The modern Maltese marketplace has never suffered a dearth of commercial publicity, especially in the postcard medium.
These mostly promoted the hospitality industries – hotels, guest houses, tourist accommodation and transport, restaurants, pubs, spas, bars, health farms, cruises and the like.
Literally hundreds, if not thousands of them have been issued, often distributed for free, and, presumably, instantly ditched.
Much scarcer are publicity cards to advertise businesses other than hospitality.
They exist, but in far fewer numbers.

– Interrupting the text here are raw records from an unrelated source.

(* Let $G=(V,w,m)$ be a locally finite weighted graph, let $x,z\in V$ with $d(x,z)=2$, and let $f:V\to\mathbb R$ satisfy $$\frac{f(x)+f(z)}2=\frac{\sum_{y:\,x\sim y\sim z}f(y)\,w(x,y)w(y,z)/m(y)}{\sum_{y:\,x\sim y\sim z}w(x,y)w(y,z)/m(y)}.$$ Then for every $r\neq0$, $\Gamma_2f(x)<\Gamma_2\big(f+r\mathbf 1_{\{z\}}\big)(x)$.
   Context: A weighted graph is $G=(V,w,m)$ with $V$ countable, $w:V\times V\to[0,\infty)$ symmetric with $w(x,x)=0$, $m:V\to(0,\infty)$; $x\sim y$ iff $w(x,y)>0$. Laplacian $\Delta f(x)=\frac1{m(x)}\sum_yw(x,y)(f(y)-f(x))$. $d$ is the combinatorial distance. $2\Gamma(f,g)=\Delta(fg)-f\Delta g-g\Delta f$, $2\Gamma_2(f,g)=\Delta\Gamma(f,g)-\Gamma(f,\Delta g)-\Gamma(g,\Delta f)$, $\Gamma_2f=\Gamma_2(f,f)$. $\mathbf 1_{\{z\}}$ is the indicator function of $\{z\}$. *)

From Stdlib Require Import Reals List Lra.
Import ListNotations.
Open Scope R_scope.

(* Local finiteness is witnessed by an explicit duplicate-free list of neighbours
   of each vertex; this list is determined by w up to permutation. *)
Record wgraph := {
  V :> Type;
  enc : V -> nat;                      (* countability: injection into nat *)
  enc_inj : forall x y, enc x = enc y -> x = y;
  w : V -> V -> R;
  m : V -> R;
  w_nonneg : forall x y, 0 <= w x y;
  w_sym : forall x y, w x y = w y x;
  w_diag : forall x, w x x = 0;
  m_pos : forall x, 0 < m x;
  nbrs : V -> list V;
  nbrs_nodup : forall x, NoDup (nbrs x);
  nbrs_spec : forall x y, In y (nbrs x) <-> 0 < w x y
}.

Definition sum_list {T : Type} (l : list T) (g : T -> R) : R :=
  fold_right (fun y acc => g y + acc) 0 l.

Section Ops.
Variable G : wgraph.

Definition adj (x y : G) : Prop := 0 < w G x y.

Definition Lap (f : G -> R) (x : G) : R :=
  / m G x * sum_list (nbrs G x) (fun y => w G x y * (f y - f x)).

Definition Gam (f g : G -> R) (x : G) : R :=
  / 2 * (Lap (fun y => f y * g y) x - f x * Lap g x - g x * Lap f x).

Definition Gam2 (f g : G -> R) (x : G) : R :=
  / 2 * (Lap (Gam f g) x - Gam f (Lap g) x - Gam g (Lap f) x).

Definition Gam2_diag (f : G -> R) (x : G) : R := Gam2 f f x.

Inductive walk : G -> G -> nat -> Prop :=
| walk_nil : forall x, walk x x 0
| walk_cons : forall x y z n, adj x y -> walk y z n -> walk x z (S n).

Definition dist_eq (x z : G) (n : nat) : Prop :=
  walk x z n /\ forall k, (k < n)%nat -> ~ walk x z k.

Definition indic (z : G) (y : G) : R :=
  if Nat.eq_dec (enc G y) (enc G z) then 1 else 0.

Definition sum_common (x z : G) (g : G -> R) : R :=
  sum_list (nbrs G x)
    (fun y => if Rlt_dec 0 (w G y z) then g y else 0).

End Ops.

(* Γ₂ is a symmetric bilinear form, so with g = 1_{z},
     Γ₂(f + r g)(x) = Γ₂f(x) + 2r Γ₂(f,g)(x) + r² Γ₂g(x).
   Since z lies outside the closed unit ball of x, only the two-step paths
   x ~ y ~ z contribute, and with S = Σ_y w(x,y)w(y,z)/m(y) and
   T = Σ_y f(y) w(x,y)w(y,z)/m(y) one computes
     4 m(x) Γ₂g(x) = S > 0,     4 m(x) Γ₂(f,g)(x) = (f(x) + f(z)) S - 2T.
   The hypothesis says exactly that the cross term vanishes, leaving the
   positive quadratic term r² Γ₂g(x). *)
From Stdlib Require Import Reals Lra List.
Open Scope R_scope.

Section SumList.
Variable A : Type.

Lemma sum_list_ext_in (l : list A) (p q : A -> R) :
  (forall y, In y l -> p y = q y) -> sum_list l p = sum_list l q.
Proof.
  induction l as [|a l IH]; intros H; simpl; [reflexivity|].
  rewrite H, IH; auto with datatypes.
Qed.

Lemma sum_list_lincomb (l : list A) (p q : A -> R) a b :
  sum_list l (fun y => a * p y + b * q y) = a * sum_list l p + b * sum_list l q.
Proof. induction l as [|y l IH]; simpl; [ring|]. rewrite IH; ring. Qed.

Lemma sum_list_scale (l : list A) (p : A -> R) a :
  sum_list l (fun y => a * p y) = a * sum_list l p.
Proof. induction l as [|y l IH]; simpl; [ring|]. rewrite IH; ring. Qed.

Lemma sum_list_const0 (l : list A) (p : A -> R) :
  (forall y, In y l -> p y = 0) -> sum_list l p = 0.
Proof.
  induction l as [|a l IH]; intros H; simpl; [reflexivity|].
  rewrite H, IH; auto with datatypes; ring.
Qed.

Lemma sum_list_nonneg (l : list A) (p : A -> R) :
  (forall y, In y l -> 0 <= p y) -> 0 <= sum_list l p.
Proof.
  induction l as [|a l IH]; intros H; simpl; [lra|].
  assert (0 <= p a) by auto with datatypes.
  assert (0 <= sum_list l p) by auto with datatypes.
  lra.
Qed.

Lemma sum_list_pos (l : list A) (p : A -> R) y0 :
  (forall y, In y l -> 0 <= p y) -> In y0 l -> 0 < p y0 -> 0 < sum_list l p.
Proof.
  induction l as [|a l IH]; intros H Hin Hp; simpl in *; [contradiction|].
  assert (0 <= p a) by auto.
  assert (0 <= sum_list l p) by (apply sum_list_nonneg; auto).
  destruct Hin as [<-|Hin]; [lra|].
  assert (0 < sum_list l p) by auto.
  lra.
Qed.

End SumList.

Section Calculus.
Variable G : wgraph.

Lemma vertex_eq_dec (u v : G) : {u = v} + {u <> v}.
Proof.
  destruct (Nat.eq_dec (enc G u) (enc G v)) as [e|n].
  - left; apply enc_inj, e.
  - right; intros ->; auto.
Qed.

Lemma m_neq0 (y : G) : m G y <> 0.
Proof. apply Rgt_not_eq, m_pos. Qed.

Lemma Lap_ext (F F' : G -> R) x :
  (forall u, F u = F' u) -> Lap G F x = Lap G F' x.
Proof.
  intros H; unfold Lap; rewrite H.
  f_equal; apply sum_list_ext_in; intros; rewrite H; reflexivity.
Qed.

Lemma Lap_lincomb (F f g : G -> R) a x :
  (forall y, F y = f y + a * g y) -> Lap G F x = Lap G f x + a * Lap G g x.
Proof.
  intros H; unfold Lap.
  rewrite (sum_list_ext_in _ _ _
    (fun y => 1 * (w G x y * (f y - f x)) + a * (w G x y * (g y - g x)))).
  - rewrite sum_list_lincomb; ring.
  - intros; rewrite !H; ring.
Qed.

Lemma Lap_at_zero (h : G -> R) x :
  h x = 0 -> Lap G h x = / m G x * sum_list (nbrs G x) (fun y => w G x y * h y).
Proof.
  intros Hx; unfold Lap; rewrite Hx.
  f_equal; apply sum_list_ext_in; intros; ring.
Qed.

Lemma Gam_sym (f g : G -> R) x : Gam G f g x = Gam G g f x.
Proof.
  unfold Gam; rewrite (Lap_ext (fun y => f y * g y) (fun y => g y * f y)).
  - ring.
  - intros; ring.
Qed.

Lemma Gam_lincomb_l (F f1 f2 g : G -> R) a x :
  (forall y, F y = f1 y + a * f2 y) -> Gam G F g x = Gam G f1 g x + a * Gam G f2 g x.
Proof.
  intros H; unfold Gam.
  rewrite (Lap_lincomb (fun y => F y * g y) (fun y => f1 y * g y) (fun y => f2 y * g y) a)
    by (intros; rewrite H; ring).
  rewrite (Lap_lincomb F f1 f2 a), H by auto.
  ring.
Qed.

Lemma Gam_lincomb_r (F f1 f2 g : G -> R) a x :
  (forall y, F y = f1 y + a * f2 y) -> Gam G g F x = Gam G g f1 x + a * Gam G g f2 x.
Proof.
  intros H; rewrite !(Gam_sym g); apply Gam_lincomb_l, H.
Qed.

Lemma Gam2_sym (f g : G -> R) x : Gam2 G f g x = Gam2 G g f x.
Proof.
  unfold Gam2; rewrite (Lap_ext (Gam G f g) (Gam G g f)).
  - ring.
  - intros; apply Gam_sym.
Qed.

Lemma Gam2_lincomb_l (F f1 f2 g : G -> R) a x :
  (forall y, F y = f1 y + a * f2 y) -> Gam2 G F g x = Gam2 G f1 g x + a * Gam2 G f2 g x.
Proof.
  intros H; unfold Gam2.
  rewrite (Lap_lincomb (Gam G F g) (Gam G f1 g) (Gam G f2 g) a)
    by (intros; apply Gam_lincomb_l, H).
  rewrite (Gam_lincomb_l F f1 f2 (Lap G g) a) by exact H.
  rewrite (Gam_lincomb_r (Lap G F) (Lap G f1) (Lap G f2) g a)
    by (intros; apply Lap_lincomb, H).
  ring.
Qed.

Lemma Gam2_diag_add_scale (f g : G -> R) r x :
  Gam2_diag G (fun y => f y + r * g y) x =
    Gam2_diag G f x + 2 * r * Gam2 G f g x + r ^ 2 * Gam2_diag G g x.
Proof.
  set (h := fun y => f y + r * g y).
  assert (Hh : forall y, h y = f y + r * g y) by reflexivity.
  unfold Gam2_diag.
  rewrite (Gam2_lincomb_l h f g h r x Hh), (Gam2_sym f h), (Gam2_sym g h).
  rewrite (Gam2_lincomb_l h f g f r x Hh), (Gam2_lincomb_l h f g g r x Hh).
  rewrite (Gam2_sym g f).
  ring.
Qed.

Section VanishingOnBall.
Variables (g : G -> R) (x : G).
Hypothesis g_x : g x = 0.
Hypothesis g_nbrs : forall y, In y (nbrs G x) -> g y = 0.

Lemma Lap_vanish_ball : Lap G g x = 0.
Proof.
  rewrite Lap_at_zero by exact g_x.
  rewrite sum_list_const0; [ring|].
  intros y Hy; rewrite g_nbrs by exact Hy; ring.
Qed.

Lemma Gam_vanish_ball (h : G -> R) : Gam G g h x = 0.
Proof.
  unfold Gam; rewrite g_x, Lap_vanish_ball.
  rewrite (Lap_at_zero (fun y => g y * h y)) by (rewrite g_x; ring).
  rewrite sum_list_const0; [ring|].
  intros y Hy; rewrite g_nbrs by exact Hy; ring.
Qed.

End VanishingOnBall.

Lemma indic_self (z : G) : indic G z z = 1.
Proof. unfold indic; destruct Nat.eq_dec; congruence. Qed.

Lemma indic_other (z u : G) : u <> z -> indic G z u = 0.
Proof.
  unfold indic; destruct Nat.eq_dec as [e|]; [|reflexivity].
  intros Hu; elim Hu; apply enc_inj, e.
Qed.

Lemma sum_list_mul_indic_notin (z : G) (l : list G) (c : G -> R) :
  ~ In z l -> sum_list l (fun u => c u * indic G z u) = 0.
Proof.
  intros Hz; apply sum_list_const0; intros u Hu.
  rewrite indic_other; [ring|]; intros ->; contradiction.
Qed.

Lemma sum_list_mul_indic_in (z : G) (l : list G) (c : G -> R) :
  NoDup l -> In z l -> sum_list l (fun u => c u * indic G z u) = c z.
Proof.
  induction l as [|a l IH]; intros Hnd Hz; simpl; [contradiction|].
  inversion Hnd as [|? ? Ha Hl]; subst.
  destruct Hz as [<-|Hz].
  - rewrite indic_self, sum_list_mul_indic_notin by exact Ha; ring.
  - rewrite indic_other, IH by (auto; intros ->; contradiction); ring.
Qed.

Lemma sum_nbrs_w_indic (z y : G) (d : G -> R) :
  sum_list (nbrs G y) (fun u => w G y u * d u * indic G z u) = w G y z * d z.
Proof.
  destruct (in_dec vertex_eq_dec z (nbrs G y)) as [Hin|Hn].
  - apply (sum_list_mul_indic_in z _ (fun u => w G y u * d u)); [apply nbrs_nodup|exact Hin].
  - rewrite (sum_list_mul_indic_notin z _ (fun u => w G y u * d u)) by exact Hn.
    assert (w G y z = 0) as ->; [|ring].
    pose proof (w_nonneg G y z); rewrite nbrs_spec in Hn; lra.
Qed.

Lemma Lap_mul_indic (z : G) (d : G -> R) y :
  y <> z -> Lap G (fun u => d u * indic G z u) y = w G y z * d z / m G y.
Proof.
  intros Hy; rewrite Lap_at_zero by (rewrite indic_other; [ring|exact Hy]).
  rewrite (sum_list_ext_in _ _ _ (fun u => w G y u * d u * indic G z u)) by (intros; ring).
  rewrite sum_nbrs_w_indic; unfold Rdiv; ring.
Qed.

Lemma Lap_indic (z y : G) : y <> z -> Lap G (indic G z) y = w G y z / m G y.
Proof.
  intros Hy; rewrite (Lap_ext _ (fun u => 1 * indic G z u)) by (intros; ring).
  rewrite Lap_mul_indic by exact Hy; unfold Rdiv; ring.
Qed.

End Calculus.

Section DistanceTwo.
Variables (G : wgraph) (x z : G) (f : G -> R).
Hypothesis x_neq_z : x <> z.
Hypothesis nbrs_neq_z : forall y, In y (nbrs G x) -> y <> z.

Let g := indic G z.
Let wpath (y : G) := w G x y * w G y z / m G y.
Let S := sum_list (nbrs G x) wpath.
Let T := sum_list (nbrs G x) (fun y => f y * w G x y * w G y z / m G y).

Lemma indic_off_ball : g x = 0 /\ forall y, In y (nbrs G x) -> g y = 0.
Proof.
  split; [|intros y Hy]; apply indic_other; auto.
Qed.

Lemma Lap_two_step (h : G -> R) (c : G -> R) :
  h x = 0 -> (forall y, In y (nbrs G x) -> h y = c y * (w G y z / m G y)) ->
  Lap G h x = / m G x * sum_list (nbrs G x) (fun y => c y * wpath y).
Proof.
  intros Hx Hy; rewrite Lap_at_zero by exact Hx.
  f_equal; apply sum_list_ext_in; intros y Hin.
  rewrite Hy by exact Hin; unfold wpath; field; apply m_neq0.
Qed.

Lemma Gam2_diag_indic_dist2 : Gam2_diag G g x = / 4 * / m G x * S.
Proof.
  destruct indic_off_ball as [g_x g_nbrs].
  unfold Gam2_diag, Gam2; rewrite !(Gam_vanish_ball G g x g_x g_nbrs).
  rewrite (Lap_two_step _ (fun _ => / 2)).
  - rewrite sum_list_scale; fold S; field; apply m_neq0.
  - apply Gam_vanish_ball; assumption.
  - intros y Hy; unfold Gam, g.
    rewrite (Lap_mul_indic G z (indic G z) y), indic_self, indic_other by auto.
    unfold Rdiv; ring.
Qed.

Lemma Gam2_indic_cross_dist2 : Gam2 G f g x = / 4 * / m G x * ((f x + f z) * S - 2 * T).
Proof.
  destruct indic_off_ball as [g_x g_nbrs].
  assert (Lap_g_x : Lap G g x = 0) by (apply Lap_vanish_ball; assumption).
  assert (Lap_g_nbrs : forall y, In y (nbrs G x) -> Lap G g y = w G y z / m G y)
    by (intros; apply Lap_indic; auto).
  assert (Lap_Gam_fg : Lap G (Gam G f g) x =
            / m G x * sum_list (nbrs G x) (fun y => / 2 * (f z - f y) * wpath y)).
  { apply Lap_two_step.
    - rewrite Gam_sym; apply Gam_vanish_ball; assumption.
    - intros y Hy; unfold Gam.
      rewrite Lap_g_nbrs, g_nbrs by exact Hy.
      unfold g; rewrite Lap_mul_indic by auto; field; apply m_neq0. }
  assert (Lap_Lap_g : Lap G (Lap G g) x = / m G x * S).
  { rewrite (Lap_two_step _ (fun _ => 1)) by (auto; intros; rewrite Lap_g_nbrs by auto; ring).
    rewrite sum_list_scale; fold S; ring. }
  assert (Lap_f_Lap_g : Lap G (fun y => f y * Lap G g y) x = / m G x * T).
  { rewrite (Lap_two_step _ f); [|rewrite Lap_g_x; ring|].
    - f_equal; apply sum_list_ext_in; intros; unfold wpath, Rdiv; ring.
    - intros y Hy; rewrite Lap_g_nbrs by exact Hy; reflexivity. }
  unfold Gam2; rewrite (Gam_vanish_ball G g x g_x g_nbrs), Lap_Gam_fg.
  unfold Gam at 1; rewrite Lap_g_x, Lap_Lap_g, Lap_f_Lap_g.
  rewrite (sum_list_ext_in _ _ _
    (fun y => / 2 * f z * wpath y + (- / 2) * (f y * w G x y * w G y z / m G y)))
    by (intros; unfold wpath, Rdiv; ring).
  rewrite sum_list_lincomb; fold S T; field; apply m_neq0.
Qed.

Lemma wpath_sum_pos : walk G x z 2 -> 0 < S.
Proof.
  intros Hw.
  inversion Hw as [|? y ? ? Hxy Hyz]; subst.
  inversion Hyz as [|? ? ? ? Hyz' Hzz]; subst.
  inversion Hzz; subst.
  unfold adj in *.
  apply sum_list_pos with y.
  - intros u _; unfold wpath.
    pose proof (w_nonneg G x u); pose proof (w_nonneg G u z); pose proof (m_pos G u).
    apply Rmult_le_pos; [apply Rmult_le_pos; lra|].
    apply Rlt_le, Rinv_0_lt_compat; lra.
  - apply nbrs_spec, Hxy.
  - unfold wpath; pose proof (m_pos G y).
    apply Rdiv_lt_0_compat; [apply Rmult_lt_0_compat|]; assumption.
Qed.

End DistanceTwo.

Lemma sum_common_nbrs (G : wgraph) (x z : G) (h : G -> R) :
  (forall y, w G y z = 0 -> h y = 0) -> sum_common G x z h = sum_list (nbrs G x) h.
Proof.
  intros Hh; unfold sum_common; apply sum_list_ext_in; intros y _.
  destruct Rlt_dec as [|Hn]; [reflexivity|].
  symmetry; apply Hh; pose proof (w_nonneg G y z); lra.
Qed.

Lemma dist2_neq (G : wgraph) (x z : G) : dist_eq G x z 2 -> x <> z.
Proof. intros [_ Hmin] ->; apply (Hmin 0%nat); [auto|constructor]. Qed.

Lemma dist2_nbrs_neq (G : wgraph) (x z y : G) :
  dist_eq G x z 2 -> In y (nbrs G x) -> y <> z.
Proof.
  intros [_ Hmin] Hy ->; apply (Hmin 1%nat); [auto|].
  apply walk_cons with z; [apply nbrs_spec, Hy|constructor].
Qed.

Theorem lemma3 (G : wgraph) (x z : G) (f : G -> R) :
  dist_eq G x z 2 ->
  (f x + f z) / 2 =
    sum_common G x z (fun y => f y * w G x y * w G y z / m G y) /
    sum_common G x z (fun y => w G x y * w G y z / m G y) ->
  forall r : R, r <> 0 ->
    Gam2_diag G f x < Gam2_diag G (fun y => f y + r * indic G z y) x.
Proof.
  intros Hd Hq r Hr.
  pose proof (dist2_neq G x z Hd) as Hxz.
  pose proof (fun y => dist2_nbrs_neq G x z y Hd) as Hnz.
  pose proof (wpath_sum_pos G x z (proj1 Hd)) as HS.
  rewrite !sum_common_nbrs in Hq by (intros y ->; unfold Rdiv; ring).
  set (S := sum_list (nbrs G x) (fun y => w G x y * w G y z / m G y)) in *.
  set (T := sum_list (nbrs G x) (fun y => f y * w G x y * w G y z / m G y)) in *.
  assert (Hbal : (f x + f z) * S - 2 * T = 0).
  { replace (f x + f z) with (2 * ((f x + f z) / 2)) by field.
    rewrite Hq; field; apply Rgt_not_eq, HS. }
  rewrite Gam2_diag_add_scale, Gam2_indic_cross_dist2, Gam2_diag_indic_dist2 by assumption.
  fold S T; rewrite Hbal.
  assert (0 < / 4 * / m G x * S).
  { apply Rmult_lt_0_compat; [apply Rmult_lt_0_compat|exact HS].
    - lra.
    - apply Rinv_0_lt_compat, m_pos. }
  assert (0 < r ^ 2) by (simpl; rewrite Rmult_1_r; apply Rsqr_pos_lt, Hr).
  nra.
Qed.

I intend to feature them by age, starting with the earlier ones, to be followed by the later outcrops of cards not targeted to tourists.
The earlier ones mostly come in monochrome, sometimes without real creative graphics – only a printed message, but with meaningful social undertones nonetheless.
In the 1930s you could buy a brand-new British motor car, a Morris Minor saloon, for the equivalent of €350, and the steamship Carinthia, serving mass emigration, advertised first to third class crossings to New York in 1928 ‘irħas ferm’.
At the same time, the Victoria Bank run by Giuseppe Busuttil from Strada Reale, 54, Valletta, telephone number 321, besides its main Bureau de Change business, also publicised itself as a jeweller: ‘Gold and precious stones, gold and silver watches – Prices beyond competition’.
Most of these businesses no longer exist
Most of these businesses no longer exist, like the Carsons Malta Wine and Mineral Water Factory, the Centre for Malta Made Goods, opposite the Customs House, Amabile Mifsud Malta Lace and Jewellery, and the Crown Canning Works – all gone.
Graphics rarely rise above dullness and mediocrity, but some exceptions shine, like a postcard for Dunlop tyres retailed in the 1930s by Luigi Gusman of Floriana, a monochrome rendition of a superb poster by the German designer Augustus Weber-Brauns.